Records drawn from a dataset
----------

Lemma neg_flow_ge_term s k : (k < n)%nat -> sigm (z s k) * Rmax (- xv k) 0 <= neg_flow s.
Proof.
  intros Hk. apply (rsum_ge_term (fun i => sigm (z s i) * Rmax (- xv i) 0)); [| exact Hk].
  intros i _. pose proof (sigm_pos (z s i)). pose proof (Rmax_r (- xv i) 0). nra.
Qed.

Lemma neg_flow_ge_0 s : 0 <= neg_flow s.
Proof.
  apply rsum_ge_0. intros i _. pose proof (sigm_pos (z s i)). pose proof (Rmax_r (- xv i) 0). nra.
Qed.

Lemma tl_S_flows s : tl (S s) = tl s + rate * (pos_flow s - neg_flow s).
Proof.
  rewrite gd_S_dot. unfold pos_flow, neg_flow. rewrite <- rsum_minus.
  do 2 f_equal. apply rsum_ext. intros i _.
  destruct (Rle_dec 0 (xv i)).
  - rewrite Rmax_left, Rmax_right by lra. ring.
  - rewrite Rmax_right, Rmax_left by lra. ring.
Qed.

Lemma pos_flow_le s : 0 < tl s -> mlam + 3 <= gamma * hat s ->
  tl s * pos_flow s <= INR n * (3 / 100 * theta).
Proof.
  intros Htl Hh. pose proof (exp_high_margin_le s Hh). pose proof exp_neg1_le.
  unfold pos_flow. rewrite <- rsum_mult_l. apply rsum_le_const. intros i Hi.
  pose proof (sigm_pos (z s i)). destruct (theta_bounds eta eta_ge_1).
  destruct (Rle_dec 0 (xv i)) as [Hv | Hv]; [| rewrite Rmax_right by lra; nra].
  rewrite Rmax_left by lra.
  (* the factor [tl] is absorbed by [y * exp (- y) <= exp (-1)] for [y = tl * xv] *)
  pose proof (mul_exp_opp_le (tl s * xv i)). pose proof (exp_pos (- (tl s * xv i))).
  pose proof (exp_neg_z_le s i Hi). pose proof (sigm_le_exp (z s i)).
  pose proof (exp_pos (- (gamma * hat s))).
  assert (Htv : 0 <= tl s * xv i) by nra.
  assert (tl s * (sigm (z s i) * xv i)
          <= exp (- (gamma * hat s)) * (tl s * xv i * exp (- (tl s * xv i)))).
  { replace (tl s * (sigm (z s i) * xv i)) with (tl s * xv i * sigm (z s i)) by ring.
    replace (exp (- (gamma * hat s)) * (tl s * xv i * exp (- (tl s * xv i))))
      with (tl s * xv i * (exp (- (gamma * hat s)) * exp (- (tl s * xv i)))) by ring.
    apply Rmult_le_compat_l; lra. }
  assert (exp (- (gamma * hat s)) * (tl s * xv i * exp (- (tl s * xv i)))
          <= 8 / 7 * (2 / 5) ^ 3 * theta * (2 / 5)).
  { apply Rmult_le_compat; [lra | apply Rmult_le_pos; lra | lra | lra]. }
  lra.
Qed.

Lemma neg_flow_ge_of_neg_margin s k : (k < n)%nat -> z s k < 0 -> 0 < tl s ->
  hat s * xw k <= 2 * (tl s * neg_flow s).
Proof.
  intros Hk Hz Htl. pose proof (neg_flow_ge_term s k Hk) as Hterm.
  rewrite z_expand in Hz. pose proof (hat_ge_0 s). pose proof (margin_ge k Hk).
  assert (Hv : 0 < - xv k) by nra.
  rewrite Rmax_left in Hterm by lra.
  pose proof (sigm_ge_half (z s k) ltac:(rewrite z_expand; lra)).
  assert (- xv k / 2 <= neg_flow s) by nra.
  assert (tl s * (- xv k / 2) <= tl s * neg_flow s) by (apply Rmult_le_compat_l; lra).
  lra.
Qed.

----------

## The problem
A faithful copy of all the records is required.

## Completed exercise
Lemma neg_flow_ge_term s k : (k < n)%nat -> sigm (z s k) * Rmax (- xv k) 0 <= neg_flow s.
Proof.
  intros Hk. apply (rsum_ge_term (fun i => sigm (z s i) * Rmax (- xv i) 0)); [| exact Hk].
  intros i _. pose proof (sigm_pos (z s i)). pose proof (Rmax_r (- xv i) 0). nra.
Qed.

Lemma neg_flow_ge_0 s : 0 <= neg_flow s.
Proof.
  apply rsum_ge_0. intros i _. pose proof (sigm_pos (z s i)). pose proof (Rmax_r (- xv i) 0). nra.
Qed.

Lemma tl_S_flows s : tl (S s) = tl s + rate * (pos_flow s - neg_flow s).
Proof.
  rewrite gd_S_dot. unfold pos_flow, neg_flow. rewrite <- rsum_minus.
  do 2 f_equal. apply rsum_ext. intros i _.
  destruct (Rle_dec 0 (xv i)).
  - rewrite Rmax_left, Rmax_right by lra. ring.
  - rewrite Rmax_right, Rmax_left by lra. ring.
Qed.

Lemma pos_flow_le s : 0 < tl s -> mlam + 3 <= gamma * hat s ->
  tl s * pos_flow s <= INR n * (3 / 100 * theta).
Proof.
  intros Htl Hh. pose proof (exp_high_margin_le s Hh). pose proof exp_neg1_le.
  unfold pos_flow. rewrite <- rsum_mult_l. apply rsum_le_const. intros i Hi.
  pose proof (sigm_pos (z s i)). destruct (theta_bounds eta eta_ge_1).
  destruct (Rle_dec 0 (xv i)) as [Hv | Hv]; [| rewrite Rmax_right by lra; nra].
  rewrite Rmax_left by lra.
  (* the factor [tl] is absorbed by [y * exp (- y) <= exp (-1)] for [y = tl * xv] *)
  pose proof (mul_exp_opp_le (tl s * xv i)). pose proof (exp_pos (- (tl s * xv i))).
  pose proof (exp_neg_z_le s i Hi). pose proof (sigm_le_exp (z s i)).
  pose proof (exp_pos (- (gamma * hat s))).
  assert (Htv : 0 <= tl s * xv i) by nra.
  assert (tl s * (sigm (z s i) * xv i)
          <= exp (- (gamma * hat s)) * (tl s * xv i * exp (- (tl s * xv i)))).
  { replace (tl s * (sigm (z s i) * xv i)) with (tl s * xv i * sigm (z s i)) by ring.
    replace (exp (- (gamma * hat s)) * (tl s * xv i * exp (- (tl s * xv i))))
      with (tl s * xv i * (exp (- (gamma * hat s)) * exp (- (tl s * xv i)))) by ring.
    apply Rmult_le_compat_l; lra. }
  assert (exp (- (gamma * hat s)) * (tl s * xv i * exp (- (tl s * xv i)))
          <= 8 / 7 * (2 / 5) ^ 3 * theta * (2 / 5)).
  { apply Rmult_le_compat; [lra | apply Rmult_le_pos; lra | lra | lra]. }
  lra.
Qed.

Lemma neg_flow_ge_of_neg_margin s k : (k < n)%nat -> z s k < 0 -> 0 < tl s ->
  hat s * xw k <= 2 * (tl s * neg_flow s).
Proof.
  intros Hk Hz Htl. pose proof (neg_flow_ge_term s k Hk) as Hterm.
  rewrite z_expand in Hz. pose proof (hat_ge_0 s). pose proof (margin_ge k Hk).
  assert (Hv : 0 < - xv k) by nra.
  rewrite Rmax_left in Hterm by lra.
  pose proof (sigm_ge_half (z s k) ltac:(rewrite z_expand; lra)).
  assert (- xv k / 2 <= neg_flow s) by nra.
  assert (tl s * (- xv k / 2) <= tl s * neg_flow s) by (apply Rmult_le_compat_l; lra).
  lra.
Qed.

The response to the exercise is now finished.